CHA warns against risk-rated insurance

CHA says private health insurance reforms are needed to avoid adding pressure on an already over-stretched public hospital system (Bigstock)

Catholic Health Australia has today warned the recommendations of a new Grattan Institute report risk driving up premiums for older Australians by removing community ratings for those under the age of 55.

“We all agree there needs to be a serious discussion about the sustainability of private health insurance, but junking a fundamental tenet of Australia’s health system should not be our first step,” said Catholic Health Australia chief executive Pat Garcia.

“Catholic Health Australia is concerned that any move to a risk-rated system for those under the age of 55 would generate higher premiums for young people with chronic disease and mental health issues, leading to those with chronic disease dropping their private health insurance and moving into the public system.
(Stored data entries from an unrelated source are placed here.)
Lemma maxdim_witness P : P 0 ->
  exists U : {vspace V}, (forall u, u \in U -> P u) /\ \dim U = maxdim P.
Proof.
move=> P0; pose A := [pred d : 'I_(dim V).+1 | prop_bool (exists U : {vspace V},
                                  (forall u, u \in U -> P u) /\ \dim U = d)].
have A_ne : (0 < #|A|)%N.
  apply/card_gt0P; exists ord0; rewrite inE; apply/prop_boolP.
  by exists 0%VS; rewrite dimv0; split=> // u; rewrite memv0 => /eqP ->.
have [d /prop_boolP [U [UP dimU]] dmax] :=
  eq_bigmax_cond (fun d : 'I_(dim V).+1 => nat_of_ord d) A_ne.
by exists U; rewrite /maxdim dimU -dmax.
Qed.

Lemma maxdim_lt P Q (y : V) : P 0 -> (forall x, P x -> Q x) ->
  (forall a u v, Q u -> Q v -> Q (a *: u + v)) -> Q y -> ~ P y -> (maxdim P < maxdim Q)%N.
Proof.
move=> P0 PQ Qlin Qy nPy; have [U [UP dimU]] := maxdim_witness P0.
have UyQ w : w \in (U + <[y]>)%VS -> Q w.
  move=> /memv_addP [u Uu [v /vlineP [a ->] ->]].
  by rewrite addrC; apply: Qlin => //; apply/PQ/UP.
apply: leq_trans (dim_le_maxdim UyQ); rewrite -dimU.
have [dim_le dim_eq] := dimv_leqif_sup (addvSl U <[y]>).
rewrite ltn_neqAle dim_le andbT dim_eq; apply/negP => UyU.
by apply/nPy/UP/(subvP UyU)/(subvP (addvSr U _))/memv_line.
Qed.

End MaxDim.

Lemma fcomp_idr m1 m2 (h : fmap m1 m2) : fcomp h (fid m1) = h.
Proof. by apply/ffunP => i; rewrite !ffunE. Qed.

Definition merge m (p q : 'I_m) : fmap m m := [ffun i => if i == q then p else i].

Lemma merge_comm m (p q q' : 'I_m) :
  fcomp (merge p q) (merge p q') = fcomp (merge p q') (merge p q).
Proof.
apply/ffunP => i; rewrite !ffunE.
have [iq'|iq'] := eqVneq i q'; have [iq|iq] := eqVneq i q; rewrite /= ?if_same //.
all: by rewrite ?iq' ?eqxx // (negbTE iq').
Qed.

Lemma merge_factor m (p q : 'I_m.+2) : q != p ->
  exists (g : fmap m.+2 m.+1) (l : fmap m.+1 m.+2), merge p q = fcomp l g.
Proof.
move=> qp; exists [ffun i => odflt ord0 (unlift q (merge p q i))], [ffun j => lift q j].
apply/ffunP => i.
have q_merge : q != merge p q i.
  by rewrite ffunE; have [//|iq] := eqVneq i q; rewrite eq_sym.
have [j mj umj] := unlift_some q_merge.
by rewrite [RHS]ffunE [in RHS]ffunE [in RHS]ffunE umj.
Qed.

Lemma codom_misses n m (p : 'I_m) (h : fmap n m) : (n.+1 < m)%N ->
  exists2 q, q != p & forall i, h i != q.
Proof.
move=> nm; apply: NNPP => hit.
have sub_codom : predC1 p \subset codom h.
  apply/subsetP => q; rewrite inE => qp; apply: NNPP => nq; apply: hit; exists q => // i.
  by apply/eqP => hiq; apply: nq; rewrite -hiq codom_f.
have := subset_leq_card sub_codom; rewrite cardC1 card_ord.
have := card_size (codom h); rewrite size_codom card_ord => le_n le_c.
have := leq_trans le_c le_n; lia.
Qed.

Lemma ltn_sum (I : finType) (i0 : I) (f g : I -> nat) :
  (forall i, f i <= g i)%N -> (f i0 < g i0)%N -> (\sum_i f i < \sum_i g i)%N.
Proof.
move=> fg fg0; rewrite (bigD1 i0) //= [X in (_ < X)%N](bigD1 i0) //= -addSn.
by apply: leq_add => //; apply: leq_sum.
Qed.

Section Generated.
Variables (k : fieldType) (M : FAmod k) (gens : seq {m : nat & fa_obj M m}).

Definition gen_by : subfam M := fun m x => forall P : fa_obj M m -> Prop,
  P 0 -> (forall a u v, P u -> P v -> P (a *: u + v)) ->
  (forall t, t \in gens -> forall h : fmap (tag t) m, P (fa_act h (tagged t))) -> P x.
Arguments gen_by : clear implicits.

Lemma gen_by_gen t m (h : fmap (tag t) m) : t \in gens -> gen_by m (fa_act h (tagged t)).
Proof. by move=> gt P _ _; apply. Qed.

Lemma gen_by_subfunctor : is_subfunctor gen_by.
Proof.
split.
- by move=> m P.
- move=> m a x y gx gy P P0 PL Pg.
  by apply: (PL); [exact: (gx P P0 PL Pg)|exact: (gy P P0 PL Pg)].
- move=> m m' f x gx; apply: (gx (fun z => gen_by m' (fa_act f z))).
  + by rewrite fa_act0 => P.
  + move=> a u v gu gv; rewrite fa_act_lin => P P0 PL Pg.
    by apply: (PL); [exact: (gu P P0 PL Pg)|exact: (gv P P0 PL Pg)].
  + by move=> t gt h; rewrite -fa_act_comp; apply: gen_by_gen.
Qed.

Definition gen_degree : nat := \max_(t <- gens) tag t.

Lemma gen_degree_tag t : t \in gens -> (tag t <= gen_degree)%N.
Proof. by move=> gt; exact: (@leq_bigmax_seq _ gens xpredT (fun t => tag t) t gt). Qed.

Fixpoint purge m (p : 'I_m) (qs : seq 'I_m) (x : fa_obj M m) : fa_obj M m :=
  if qs is q :: qs' then purge p qs' x - fa_act (merge p q) (purge p qs' x) else x.

Lemma purge_is_linear m (p : 'I_m) qs : linear (purge p qs).
Proof. by move=> a x y; elim: qs => //= q qs' ->; rewrite fa_act_lin scalerBr opprD addrACA. Qed.

Lemma purge0 m (p : 'I_m) qs : purge p qs 0 = 0.
Proof. by elim: qs => //= q qs' ->; rewrite fa_act0 subrr. Qed.

Lemma purge_merge_fixed m (p q : 'I_m) qs v :
  fa_act (merge p q) v = v -> fa_act (merge p q) (purge p qs v) = purge p qs v.
Proof.
move=> fix_v; elim: qs => [//|q' qs IH] /=.
by rewrite fa_actB -fa_act_comp merge_comm fa_act_comp IH.
Qed.

Lemma purge_eq0 m (p q : 'I_m) qs v :
  fa_act (merge p q) v = v -> q \in qs -> purge p qs v = 0.
Proof.
move=> fix_v; elim: qs => [//|q' qs IH] /=; rewrite inE => /orP [/eqP <-|qqs].
  by rewrite purge_merge_fixed // subrr.
by rewrite IH // fa_act0 subrr.
Qed.

(* A map from at most gen_degree points into m > gen_degree + 1 points misses
   some q != p, so merge p q fixes its image. *)
Lemma purge_gen_by m (p : 'I_m) x : (gen_degree.+1 < m)%N -> gen_by m x ->
  purge p [seq q <- enum 'I_m | q != p] x = 0.
Proof.
move=> big_m gx; set qs := [seq q <- _ | _].
apply: (gx (fun z => purge p qs z = 0)) => [|a u v pu pv|t gt h].
- exact: purge0.
- by rewrite purge_is_linear pu pv scaler0 addr0.
have [q qp qh] : exists2 q, q != p & forall i, h i != q.
  by apply: codom_misses; have := gen_degree_tag gt; lia.
apply: (@purge_eq0 _ p q); last by rewrite /qs mem_filter qp mem_enum.
rewrite -fa_act_comp; congr fa_act; apply/ffunP => i.
by rewrite !ffunE (negbTE (qh i)).
Qed.

Lemma sub_purge m (p : 'I_m) qs (T T' : subfam M) x :
  is_subfunctor T -> is_subfunctor T' ->
  (forall q, q \in qs -> forall y, T' m y -> T m (fa_act (merge p q) y)) ->
  T' m x -> T m (x - purge p qs x).
Proof.
move=> HT HT' Tmerge T'x; elim: qs Tmerge => [|q qs IH] Tmerge /=.
  by rewrite subrr; apply: subfunctor0.
have T_diff : T m (x - purge p qs x) by apply: IH => q' q'qs; apply: Tmerge; rewrite inE q'qs orbT.
set y := purge p qs x; pose A := @fa_act k M _ _ (merge p q).
have Ay : A x - A (x - y) = A y by rewrite /A fa_actB opprB addrC subrK.
rewrite opprB addrA addrAC -/A -Ay; apply: (subfunctorD HT T_diff).
apply: (subfunctorB HT); first exact: (Tmerge q (mem_head _ _) _ T'x).
exact: (subfunctor_act HT _ T_diff).
Qed.

(* On larger sets, x - purge x only involves merges, which factor through
   fewer points, and purge x = 0. *)
Lemma gen_by_sub_le T T' : is_subfunctor T -> is_subfunctor T' -> sub_le T' gen_by ->
  (forall m, (m < gen_degree.+2)%N -> forall x, T' m x -> T m x) -> sub_le T' T.
Proof.
move=> HT HT' T'gen small; elim/ltn_ind => m IH x T'x.
have [/small|big_m] := ltnP m gen_degree.+2; first exact.
case: m IH x T'x big_m => [|[|m]] IH x T'x big_m; try lia.
have Tmerge q : q != ord0 -> forall y, T' m.+2 y -> T m.+2 (fa_act (merge ord0 q) y).
  move=> q0 y T'y; have [g [l ->]] := merge_factor q0.
  rewrite fa_act_comp; apply: (subfunctor_act HT); apply: IH => //.
  exact: (subfunctor_act HT').
have := sub_purge (p := ord0) (qs := [seq q <- enum 'I_m.+2 | q != ord0]) HT HT' _ T'x.
rewrite purge_gen_by ?subr0; [apply | lia | exact: T'gen].
by move=> q; rewrite mem_filter => /andP [q0 _]; apply: Tmerge.
Qed.

Definition gen_index m := {j : 'I_(size gens) & fmap (tag (tnth (in_tuple gens) j)) m}.
Definition gen_coords m := {ffun gen_index m -> k^o}.
Definition gen_comb m (c : gen_coords m) : fa_obj M m :=
  \sum_(q : gen_index m) c q *: fa_act (tagged q) (tagged (tnth (in_tuple gens) (tag q))).

Lemma gen_comb_is_linear m : linear (@gen_comb m).
Proof.
move=> a c c'; rewrite /gen_comb scaler_sumr -big_split; apply: eq_bigr => q _.
by rewrite !ffunE scalerDl scalerA.
Qed.

Lemma gen_comb0 m : gen_comb (0 : gen_coords m) = 0.
Proof. by rewrite /gen_comb big1 // => q _; rewrite ffunE scale0r. Qed.

Lemma gen_by_comb m x : gen_by m x -> exists c : gen_coords m, x = gen_comb c.
Proof.
move=> gx; apply: (gx (fun z => exists c : gen_coords m, z = gen_comb c)).
- by exists 0; rewrite gen_comb0.
- by move=> a u v [c ->] [c' ->]; exists (a *: c + c'); rewrite gen_comb_is_linear.
move=> t /(tnthP (in_tuple gens)) [j ->] h.
pose q0 : gen_index m := Tagged (fun j => fmap (tag (tnth (in_tuple gens) j)) m) h.
exists [ffun q => (q == q0)%:R]; rewrite /gen_comb (bigD1 q0) //= big1.
  by rewrite ffunE eqxx scale1r addr0.
by move=> q qq0; rewrite ffunE (negbTE qq0) scale0r.
Qed.

(* By gen_by_sub_le, sets of at most gen_degree + 1 points detect strict inclusions. *)
Definition gen_measure (T : subfam M) : nat :=
  \sum_(m < gen_degree.+2) maxdim (fun c : gen_coords m => T m (gen_comb c)).

Definition gen_measure_max : nat := \sum_(m < gen_degree.+2) dim (gen_coords m).

Lemma gen_measure_le T : (gen_measure T <= gen_measure_max)%N.
Proof. by apply: leq_sum => m _; apply: maxdim_le_dim. Qed.

Lemma gen_measure_lt T T' : is_subfunctor T -> is_subfunctor T' -> sub_le T' gen_by ->
  sub_lt T T' -> (gen_measure T < gen_measure T')%N.
Proof.
move=> HT HT' T'gen [TT' [m0 [x0 [T'x0 nTx0]]]].
have [m [small_m [x [T'x nTx]]]] :
    exists m, (m < gen_degree.+2)%N /\ exists x, T' m x /\ ~ T m x.
  apply: NNPP => nex; apply/nTx0/(gen_by_sub_le HT HT' T'gen _ T'x0) => m small_m x T'x.
  by apply: NNPP => nTx; apply: nex; exists m; split=> //; exists x.
have [c xc] := gen_by_comb (T'gen _ _ T'x); subst x.
apply: (@ltn_sum _ (Ordinal small_m)
  (fun i : 'I_gen_degree.+2 => maxdim (fun c : gen_coords i => T i (gen_comb c)))
  (fun i => maxdim (fun c : gen_coords i => T' i (gen_comb c)))) => [i|/=].
  by apply: maxdim_le => c'; apply: TT'.
apply: (@maxdim_lt _ _ _ _ c) => //.
- by rewrite gen_comb0; apply: subfunctor0.
- by move=> c'; apply: TT'.
- by move=> a u v T'u T'v; rewrite gen_comb_is_linear; apply: subfunctorZD.
Qed.

Theorem finite_length_gen_by S : is_subfunctor S -> sub_le S gen_by -> finite_length_sub S.
Proof.
move=> HS Sgen; apply: (finite_length_of_measure HS (D := gen_measure) (B := gen_measure_max)).
  by move=> T _ _; apply: gen_measure_le.
by move=> T T' HT HT' T'S; apply: gen_measure_lt => // m x /T'S /Sgen.
Qed.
This is the last thing public hospitals need right now.”

The Grattan report recommends a move away from community ratings to allow insurers to introduce an aged based risk rating for those aged under 55. Its modelling shows premiums will fall for younger people. But, CHA warns such a proposal would lead to higher premiums for older Australians as well as for younger people with chronic disease.

Mr Garcia added: “If we value timely access to a sustainable health system and a balanced public/private system that has served Australians well for a number of decades, then we need to start thinking about how to keep people under 40 in private health insurance and encourage younger people to pick it up, without abandoning the community rating principle.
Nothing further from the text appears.